Весь июнь солнце жарило так, как будто перепутало широту, решило, что под ним Африка, а не Сибирь. Угасшаая вера в светлое будущее возрождалась только в выходной, когда мы выбирались на пляж.
На пляже было многолюдно. Приходилось располагаться по родственному, бок о бок с незнакомыми людьми. Рядом с нами улеглись две девушки. Практически голые. Кроме крошечных трусиков-стрингов на их телах не было ничего.
Что в стране который год демократия — знают все.
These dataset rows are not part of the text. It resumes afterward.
Lemma diagonalized_of_eigenvalue mu : eigenvalue H mu -> exists i, mu = d 0 i.
Proof.
move=> /eigenvalueP [v vH v_neq0].
have w_neq0 : v *m invmx P != 0.
  by apply: contraNneq v_neq0 => w0; rewrite -(mulmxKV P_unit v) w0 mul0mx.
have wd : v *m invmx P *m diag_mx d = mu *: (v *m invmx P).
  by rewrite scalemxAl -vH HPd -P_inv !mulmxA mulmxK.
move: (v *m invmx P) w_neq0 wd => w w_neq0 wd.
have [i wi_neq0] : exists i, w 0 i != 0.
  apply/existsP; apply: contraNT w_neq0; rewrite negb_exists => /forallP w0.
  by apply/eqP/rowP=> i; rewrite mxE; apply/eqP/negPn/w0.
exists i; apply: (mulIf wi_neq0).
have := congr1 (fun M : 'rV_N => M 0 i) wd; rewrite /= mul_mx_diag !mxE => e.
by rewrite -e mulrC.
Qed.

Lemma psd_sub_scalar_diagonalized xi :
  xi \is Num.real -> psd (H - xi%:M) <-> forall i, xi <= d 0 i.
Proof.
move=> xi_real; split=> [[_ H_ge0] i|xi_le].
  by rewrite -subr_ge0 -(quad_form_eigvec xi i); apply: H_ge0.
split=> [|v].
  rewrite /hermitian ctmxB ctmx_scalar conj_Creal //; congr (_ - _).
  exact: diagonalized_hermitian.
rewrite quad_form_diagonalized; apply: sumr_ge0 => i _.
by rewrite mulr_ge0 ?exprn_ge0 // subr_ge0.
Qed.

End UnitaryDiagonalization.

Section Hermitian.
Variables (C : numClosedFieldType) (N : nat).
Implicit Types (H : 'M[C]_N) (l xi : C).

Lemma hermitian_unitary_diagonalization H : hermitian H ->
  exists P, exists d, [/\ P \in unitmx, invmx P = ctmx P,
    H = ctmx P *m diag_mx d *m P & forall i, d 0 i \is Num.real].
Proof.
move=> /hermitian_hermsymmx hH; exists (spectralmx H), (spectral_diag H).
have P_inv : invmx (spectralmx H) = ctmx (spectralmx H).
  by rewrite invmx_unitary ?spectral_unitarymx // ctmx_trmxC.
split=> //; first exact: spectral_unit.
  by rewrite -P_inv; apply/orthomx_spectralP/hermitian_normalmx.
by move=> i; have /mxOverP := hermitian_spectral_diag_real hH; apply.
Qed.

Lemma lambda_min_exists H : (0 < N)%N -> hermitian H -> exists l, is_lambda_min H l.
Proof.
move=> N_gt0 /hermitian_unitary_diagonalization [P [d [P_unit P_inv HPd d_real]]].
have [i i_min] := exists_real_argmin (Ordinal N_gt0) (f := fun i => d 0 i) d_real.
exists (d 0 i); split; first exact: (eigenvalue_diagonalized P_unit P_inv HPd).
by move=> mu /(diagonalized_of_eigenvalue P_unit P_inv HPd) [j ->].
Qed.

Lemma lambda_min_real H l : hermitian H -> is_lambda_min H l -> l \is Num.real.
Proof.
move=> /hermitian_unitary_diagonalization [P [d [P_unit P_inv HPd d_real]]] [l_eig _].
by have [i ->] := diagonalized_of_eigenvalue P_unit P_inv HPd l_eig.
Qed.

Lemma psd_sub_scalar_lambda_min H l xi : hermitian H -> is_lambda_min H l ->
  xi \is Num.real -> psd (H - xi%:M) <-> xi <= l.
Proof.
move=> /hermitian_unitary_diagonalization [P [d [P_unit P_inv HPd d_real]]].
move=> [l_eig l_min] xi_real.
rewrite (psd_sub_scalar_diagonalized P_unit P_inv HPd d_real xi_real).
split=> [xi_le|xi_le i].
  by have [i ->] := diagonalized_of_eigenvalue P_unit P_inv HPd l_eig; apply: xi_le.
exact: le_trans xi_le (l_min _ (eigenvalue_diagonalized P_unit P_inv HPd i)).
Qed.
Liberte, egalite, fraternite! Но ведь Сибирь! Глушь! Дикость! Где мы, и где цивилизация! Хоть и всучили нам свободу, но сибиряки пользоваться ею не спешили и упорно свои половые признаки прятали под купальники. Поэтому появление девушек ню вызвало оживление среди мужской части отдыхающих. К ним тут же стали подходить мужчины с целью познакомиться, но красавицы цену себе знали, в знакомстве всем отказывали и, как сказочная Ассоль, смотрели в сторону моря в ожидании более достойных.
И достойные появились. Послышался звук мотора и к берегу, распугивая купающихся, на скорости подлетел большой красивый катер. На палубе под нарядным бело-синим тентом в шезлонгах расположилась компания мужчин.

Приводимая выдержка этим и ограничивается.